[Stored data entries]

Lemma nondecreasing_step N (s : nat -> int) :
  (forall k, (k < N)%N -> -1 <= s k <= 1) -> nondecreasing_on N s ->
  exists A B, (A <= B <= N)%N /\ forall k, (k < N)%N -> s k = step A B k.
Proof.
move=> range mono.
have [AN sA] := nondecreasing_threshold (-1) mono.
have [BN sB] := nondecreasing_threshold 0 mono.
set A := find _ _ in AN sA; set B := find _ _ in BN sB.
have AB : (A <= B)%N.
  case: (ltnP B N) => [BN'|]; last by lia.
  by rewrite -sA // (lt_trans _ (_ : 0 < s B)) // sB.
exists A, B; split; first by rewrite AB.
move=> k kN; have := sA k kN; have := sB k kN; have := range k kN.
by rewrite /step; case: ltnP; case: ltnP; lia.
Qed.

Lemma sum_agree_off2 (V : zmodType) n (G G' : 'I_n -> V) (a b : 'I_n) : a != b ->
  (forall j, j != a -> j != b -> G j = G' j) ->
  \sum_j G j = \sum_j G' j + (G a - G' a) + (G b - G' b).
Proof.
move=> ab eqG; have ba : b != a by rewrite eq_sym.
rewrite (bigD1 a) // (bigD1 b) //= [X in _ = X + _ + _](bigD1 a) //.
rewrite [X in _ = _ + X + _ + _](bigD1 b) //= (eq_bigr G') => [|j /andP[]]; last exact: eqG.
by rewrite (addrAC (G' a)) subrKC -addrA (addrAC (G' b)) subrKC.
Qed.

Section ShiftExchange.
Variables (R : realDomainType) (N : nat) (F : 'I_N -> int -> R).
Variables (c : int -> R) (ok : pred int).
Hypothesis F_convex : forall i, convexZ (F i).
Hypothesis ok_range : forall x, ok x -> -1 <= x <= 1.
Hypothesis ok0 : ok 0.
Hypothesis c0 : c 0 = 0.
Hypothesis c_convex : ok (-1) -> ok 1 -> 0 <= c (-1) + c 1.

Implicit Types (s : nat -> int) (p : 'S_N).

Definition shift_val p s := \sum_(k < N) F (p k) (k%:Z + s k).
Definition shift_cost s := \sum_(k < N) c (s k).
Definition admissible s := forall k, (k < N)%N -> ok (s k).
Definition potential s := \sum_(k < N) k%:Z * (1 - s k).

Lemma potential_ge0 s : admissible s -> 0 <= potential s.
Proof.
move=> adm; apply: sumr_ge0 => k _.
by have /andP[_ le1] := ok_range (adm k (ltn_ord k)); rewrite mulr_ge0 // subr_ge0.
Qed.

Definition bubble s k j : int :=
  if j == k then s k - 1 else if j == k.+1 then s k.+1 + 1 else s j.

Section Bubble.
Variables (s : nat -> int) (k : nat).
Hypotheses (adm : admissible s) (kN : (k.+1 < N)%N) (desc : s k.+1 < s k).
Let K : 'I_N := Ordinal (ltnW kN).
Let K1 : 'I_N := Ordinal kN.

Lemma sum_bubble (V : zmodType) (G G' : 'I_N -> int -> V) :
  (forall j : 'I_N, j != K -> j != K1 -> G j =1 G' j) ->
  \sum_(j < N) G j (bubble s k j) = \sum_(j < N) G' j (s j)
    + (G K (s k - 1) - G' K (s k)) + (G K1 (s k.+1 + 1) - G' K1 (s k.+1)).
Proof.
move=> eqG; rewrite (@sum_agree_off2 _ _ _ (fun j => G' j (s j)) K K1).
- by rewrite /bubble /= eqxx (gtn_eqF (ltnSn k)) eqxx.
- by rewrite -val_eqE /= neq_ltn ltnSn.
move=> j jK jK1; rewrite /bubble -!val_eqE /= in jK jK1 *.
by rewrite (negbTE jK) (negbTE jK1) eqG // -val_eqE.
Qed.

Lemma bubble_admissible : admissible (bubble s k).
Proof.
move=> j jN; have rk := ok_range (adm (ltnW kN)); have rk1 := ok_range (adm kN).
rewrite /bubble; case: ifP => _; [|case: ifP => _; last exact: adm].
- by have [-> | ->] : s k - 1 = 0 \/ s k - 1 = s k.+1; [lia | | apply: adm].
- by have [-> | ->] : s k.+1 + 1 = 0 \/ s k.+1 + 1 = s k; [lia | | apply/adm/ltnW].
Qed.

Lemma potential_bubble : potential (bubble s k) = potential s - 1.
Proof.
rewrite /potential (@sum_bubble _ (fun j x => j%:Z * (1 - x)) (fun j x => j%:Z * (1 - x))) //=.
by rewrite intS; ring.
Qed.

Lemma cost_bubble : shift_cost (bubble s k) <= shift_cost s.
Proof.
rewrite /shift_cost (@sum_bubble _ (fun=> c) (fun=> c)) //= -!addrA gerDl.
have := ok_range (adm (ltnW kN)); have := ok_range (adm kN); move=> rk1 rk.
have [[-> ->]|[[-> ->]|[sk sk1]]] :
    (s k = 1 /\ s k.+1 = 0) \/ (s k = 0 /\ s k.+1 = -1) \/ (s k = 1 /\ s k.+1 = -1) by lia.
- by rewrite subrr add0r; lra.
- by rewrite sub0r addNr; lra.
have okN1 : ok (-1) by rewrite -sk1; apply: adm.
have ok1 : ok 1 by rewrite -sk; apply/adm/ltnW.
by have := c_convex okN1 ok1; rewrite sk sk1 subrr addNr c0; lra.
Qed.

Lemma val_bubble p :
  shift_val p s <= Num.max (shift_val p (bubble s k)) (shift_val (tperm K K1 * p) (bubble s k)).
Proof.
have adj : k.+1%:Z + s k.+1 <= k%:Z + s k <= k.+1%:Z + s k.+1 + 1.
  by have := ok_range (adm (ltnW kN)); have := ok_range (adm kN); lia.
have := convexZ_exchange (F_convex (p K)) (F_convex (p K1)) adj.
rewrite /shift_val (@sum_bubble _ (fun j x => F (p j) (j%:Z + x)) (fun j x => F (p j) (j%:Z + x))) //.
rewrite (@sum_bubble _ (fun j x => F ((tperm K K1 * p)%g j) (j%:Z + x))
                       (fun j x => F (p j) (j%:Z + x))) => [|j jK jK1 x]; last first.
  by rewrite /= permM tpermD // eq_sym.
rewrite /= !permM tpermL tpermR !addrA.
by rewrite !le_max => /orP[h|h]; apply/orP; [left|right]; lra.
Qed.

End Bubble.

Lemma nondecreasing_suffices M :
  (forall s p, admissible s -> nondecreasing_on N s -> shift_val p s - shift_cost s <= M) ->
  forall s p, admissible s -> shift_val p s - shift_cost s <= M.
Proof.
move=> hM s p adm; have [n] : exists n : nat, potential s < n%:Z.
  by exists (`|potential s|%N.+1); have := potential_ge0 adm; lia.
elim: n s p adm => [|n IH] s p adm lt_n; first by have := potential_ge0 adm; lia.
have [mono|] := boolP [forall k : 'I_N, (k.+1 < N)%N ==> (s k <= s k.+1)].
  apply: hM => // k kN.
  by move/forallP: mono => /(_ (Ordinal (ltnW kN)))/implyP; apply.
rewrite negb_forall => /existsP[[k /= _]]; rewrite negb_imply -ltNge => /andP[kN desc].
have adm' := bubble_admissible adm kN desc.
have lt' : potential (bubble s k) < n%:Z by rewrite potential_bubble //; lia.
have := val_bubble adm kN desc p; set p' := (tperm _ _ * p)%g => val_le.
have := cost_bubble adm kN desc; have := IH _ p adm' lt'; have := IH _ p' adm' lt'.
by move: val_le; rewrite le_max => /orP[] ? ? ? ?; lra.
Qed.
(* A topological space is an MG-space if and only if it is a quotient space of some locally Menger space.
   Context: A space $X$ is Menger if for each sequence $(\mathcal{U}_n)$ of open covers of $X$ there is a sequence $(\mathcal{V}_n)$ with each $\mathcal{V}_n$ a finite subset of $\mathcal{U}_n$ and $\bigcup_{n}\bigcup\mathcal{V}_n=X$. A space $X$ is locally Menger if for each $x\in X$ there exist an open set $U$ and a Menger subspace $Y$ of $X$ with $x\in U\subseteq Y$. A space $X$ is Menger generated (an MG-space) if a subset $U\subseteq X$ is open in $X$ whenever $U\cap M$ is open in $M$ for every Menger subspace $M$ of $X$. *)

From HB Require Import structures.
From mathcomp Require Import all_boot all_order.
From mathcomp Require Import all_classical topology.
Set Implicit Arguments. Unset Strict Implicit. Unset Printing Implicit Defensive.
Local Open Scope classical_set_scope.

Definition relopen (X : topologicalType) (A V : set X) : Prop :=
  exists W : set X, open W /\ V = W `&` A.

Definition open_cover_of (X : topologicalType) (A : set X) (U : set (set X)) : Prop :=
  (forall V, U V -> relopen A V) /\ \bigcup_(V in U) V = A.

Definition Menger_subspace (X : topologicalType) (A : set X) : Prop :=
  forall U : nat -> set (set X), (forall n, open_cover_of A (U n)) ->
  exists V : nat -> set (set X),
    (forall n, finite_set (V n) /\ V n `<=` U n) /\
    \bigcup_n \bigcup_(W in V n) W = A.

Definition Menger (X : topologicalType) : Prop := Menger_subspace (@setT X).

Definition locally_Menger (X : topologicalType) : Prop :=
  forall x : X, exists (U Y : set X), open U /\ Menger_subspace Y /\ U x /\ U `<=` Y.

Definition MG_space (X : topologicalType) : Prop :=
  forall U : set X,
    (forall M : set X, Menger_subspace M -> relopen M (U `&` M)) -> open U.

Definition quotient_map (Y X : topologicalType) (f : Y -> X) : Prop :=
  (forall x : X, exists y : Y, f y = x) /\
  (forall U : set X, open U <-> open (f @^-1` U)).

From HB Require Import structures.
From mathcomp Require Import all_boot all_classical topology.
Set Implicit Arguments. Unset Strict Implicit. Unset Printing Implicit Defensive.
Local Open Scope classical_set_scope.

(* The disjoint sum of all Menger subspaces of X is locally Menger, and its
   canonical map onto X is a quotient map precisely when X is Menger
   generated.  Conversely, continuous images of Menger subspaces are Menger;
   so if f : Y -> X is a quotient map with Y locally Menger and U meets every
   Menger subspace of X in a relatively open set, each y in f^-1 U has an open
   neighbourhood N inside a Menger set Z, the trace of U on the Menger set f Z
   is the trace of an open O, and N `&` f^-1 O is an open neighbourhood of y
   inside f^-1 U. *)

Section relopen.
Variables (X : topologicalType) (A : set X).

Lemma relopen_id : relopen A A.
Proof. by exists setT; split; [exact: openT | rewrite setTI]. Qed.

Lemma relopen0 : relopen A set0.
Proof. by exists set0; split; [exact: open0 | rewrite set0I]. Qed.

Lemma relopenI U V : relopen A U -> relopen A V -> relopen A (U `&` V).
Proof.
move=> [O [oO ->]] [O' [oO' ->]]; exists (O `&` O'); split; first exact: openI.
by rewrite [RHS]setIIl.
Qed.

Lemma relopen_bigcup I (F : I -> set X) :
  (forall i, relopen A (F i)) -> relopen A (\bigcup_i F i).
Proof.
move=> /choice[O hO]; exists (\bigcup_i O i); split.
  by apply: bigcup_open => i _; case: (hO i).
by rewrite setI_bigcupl; apply: eq_bigcupr => i _; case: (hO i) => _ ->.
Qed.

End relopen.

Lemma image_preimage_setI (T U : Type) (f : T -> U) (A : set T) (V : set U) :
  V `<=` f @` A -> f @` (f @^-1` V `&` A) = V.
Proof.
move=> sV; apply/seteqP; split=> [_ [a [Va _] <-] //|u Vu].
by have [a Aa fau] := sV u Vu; exists a => //; rewrite /= fau.
Qed.

Section Menger_image.
Variables (Y X : topologicalType) (g : Y -> X) (A : set Y).
Hypothesis g_cont : forall O, open O -> relopen A (g @^-1` O `&` A).

Lemma relopen_preimage V : relopen (g @` A) V -> relopen A (g @^-1` V `&` A).
Proof.
move=> [O [oO ->]]; rewrite preimage_setI -setIA (setIidr (@preimage_image _ _ g A)).
exact: g_cont.
Qed.

Lemma open_cover_preimage U :
  open_cover_of (g @` A) U -> open_cover_of A [set g @^-1` V `&` A | V in U].
Proof.
move=> [hU cU]; split; first by move=> _ [V UV <-]; exact/relopen_preimage/hU.
rewrite bigcup_image -setI_bigcupl -preimage_bigcup cU.
exact/setIidr/(@preimage_image _ _ g A).
Qed.

Lemma Menger_subspace_image : Menger_subspace A -> Menger_subspace (g @` A).
Proof.
move=> mA U hU; have [V [hV cV]] := mA _ (fun n => open_cover_preimage (hU n)).
exists (fun n => [set g @` S | S in V n]); split.
- move=> n; split; first exact/finite_image/(hV n).1.
  move=> _ [S /(hV n).2 [W UW <-] <-]; rewrite image_preimage_setI //.
  by have [_ <-] := hU n => x Wx; exists W.
- under eq_bigcupr do rewrite bigcup_image -image_bigcup.
  by rewrite -image_bigcup cV.
Qed.

End Menger_image.

Lemma Menger_subspace1 (X : topologicalType) (x : X) : Menger_subspace [set x].
Proof.
move=> U hU; have /choice[V hV] : forall n, exists V, U n V /\ V x.
  move=> n; have [_ cU] := hU n.
  have : (\bigcup_(V in U n) V) x by rewrite cU.
  by case=> V; exists V.
exists (fun n => [set V n]); split.
  by move=> n; split; [exact: finite_set1 | move=> W ->; case: (hV n)].
under eq_bigcupr do rewrite bigcup_set1.
apply/seteqP; split=> [y [n _ Vy]|y ->]; last by exists 0%N => //; case: (hV 0%N).
by have [_ <-] := hU n; exists (V n) => //; case: (hV n).
Qed.

Lemma MG_space_quotient (Y X : topologicalType) (f : Y -> X) :
  locally_Menger Y -> quotient_map f -> MG_space X.
Proof.
move=> hloc [_ hq] U hU; apply/hq; rewrite openE => y Uy.
have [N [Z [oN [mZ [Ny sNZ]]]]] := hloc y.
have mfZ : Menger_subspace (f @` Z).
  by apply: Menger_subspace_image mZ => O /hq oO; exists (f @^-1` O).
have [O [/hq oO eO]] := hU _ mfZ.
rewrite /interior nbhsE /=; exists (N `&` f @^-1` O).
- split; first exact: openI.
  split=> //; have : (U `&` f @` Z) (f y).
    by split=> //; exists y => //; apply: sNZ.
  by rewrite eO => -[].
- move=> z [Nz Oz]; have : (O `&` f @` Z) (f z).
    by split=> //; exists z => //; apply: sNZ.
  by rewrite -eO => -[].
Qed.

Section Menger_sum.
Variable X : topologicalType.

(* A non-dependent model of the disjoint sum: the pairs (M, x) with M Menger
   and x in M form the summand {M} x M, all other pairs are isolated points. *)
Definition Menger_sum : Type := (set X * X)%type.
HB.instance Definition _ := Choice.on Menger_sum.

Definition Menger_sum_open (W : set Menger_sum) : Prop :=
  forall M, Menger_subspace M -> relopen M (pair M @^-1` W `&` M).

Lemma Menger_sum_openT : Menger_sum_open setT.
Proof. by move=> M _; rewrite preimage_setT setTI; exact: relopen_id. Qed.

Lemma Menger_sum_openI : setI_closed Menger_sum_open.
Proof.
move=> W W' hW hW' M mM; rewrite preimage_setI setIIl.
by apply: relopenI; [exact: hW | exact: hW'].
Qed.

Lemma Menger_sum_open_bigcup I (F : I -> set Menger_sum) :
  (forall i, Menger_sum_open (F i)) -> Menger_sum_open (\bigcup_i F i).
Proof.
move=> hF M mM; rewrite preimage_bigcup setI_bigcupl.
by apply: relopen_bigcup => i; exact: hF.
Qed.

HB.instance Definition _ := isOpenTopological.Build Menger_sum
  Menger_sum_openT Menger_sum_openI Menger_sum_open_bigcup.

Lemma open_Menger_sumE W : open W <-> Menger_sum_open W.
Proof. by []. Qed.

Definition summand (M : set X) : set Menger_sum := pair M @` M.

Lemma open_summand M : open (summand M).
Proof.
apply/open_Menger_sumE => M' _; have [->|neM] := pselect (M' = M).
  suff -> : pair M @^-1` summand M = M by rewrite setIid; exact: relopen_id.
  by apply/seteqP; split=> [z [a Ma [<-]] //|z Mz]; exists z.
suff -> : pair M' @^-1` summand M = set0 by rewrite set0I; exact: relopen0.
by apply/seteqP; split=> // z [_ _ [eM _]]; exact: neM.
Qed.

Lemma Menger_subspace_summand M : Menger_subspace M -> Menger_subspace (summand M).
Proof.
by move=> mM; apply: Menger_subspace_image (mM) => O /open_Menger_sumE; exact.
Qed.

Lemma open_isolated M x :
  ~ (Menger_subspace M /\ M x) -> open [set (M, x) : Menger_sum].
Proof.
move=> nMx; apply/open_Menger_sumE => M' mM'.
suff -> : pair M' @^-1` [set (M, x)] `&` M' = set0 by exact: relopen0.
by apply/seteqP; split=> // z [[eM ez] Mz]; apply: nMx; rewrite -eM -ez.
Qed.

Lemma locally_Menger_sum : locally_Menger Menger_sum.
Proof.
case=> M x; have [[mM Mx]|nMx] := pselect (Menger_subspace M /\ M x).
  exists (summand M), (summand M); split; first exact: open_summand.
  by split; [exact: Menger_subspace_summand | split=> //; exists x].
exists [set (M, x)], [set (M, x)]; split; first exact: open_isolated.
by split; [exact: Menger_subspace1 | split].
Qed.

Lemma open_preimage_snd (U : set X) :
  open (snd @^-1` U : set Menger_sum) <->
  forall M, Menger_subspace M -> relopen M (U `&` M).
Proof. by []. Qed.

Lemma quotient_map_snd : MG_space X -> quotient_map (snd : Menger_sum -> X).
Proof.
move=> hMG; split; first by move=> x; exists (set0, x).
by move=> U; rewrite open_preimage_snd; split; [move=> oU M _; exists U | exact: hMG].
Qed.

End Menger_sum.

Theorem theorem4p12 (X : topologicalType) :
  MG_space X <->
  exists (Y : topologicalType) (f : Y -> X), locally_Menger Y /\ quotient_map f.
Proof.
split=> [hMG | [Y [f [hloc hq]]]]; last exact: MG_space_quotient hloc hq.
exists (Menger_sum X), snd; split; first exact: locally_Menger_sum.
exact: quotient_map_snd.
Qed.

Problem details » Your task is to reproduce the entries exactly, starting at the first line and ending with the line containing "exists A, B; split; first by rewrite AB.".

Output of the task »
Lemma nondecreasing_step N (s : nat -> int) :
  (forall k, (k < N)%N -> -1 <= s k <= 1) -> nondecreasing_on N s ->
  exists A B, (A <= B <= N)%N /\ forall k, (k < N)%N -> s k = step A B k.
Proof.
move=> range mono.
have [AN sA] := nondecreasing_threshold (-1) mono.
have [BN sB] := nondecreasing_threshold 0 mono.
set A := find _ _ in AN sA; set B := find _ _ in BN sB.
have AB : (A <= B)%N.
  case: (ltnP B N) => [BN'|]; last by lia.
  by rewrite -sA // (lt_trans _ (_ : 0 < s B)) // sB.
exists A, B; split; first by rewrite AB.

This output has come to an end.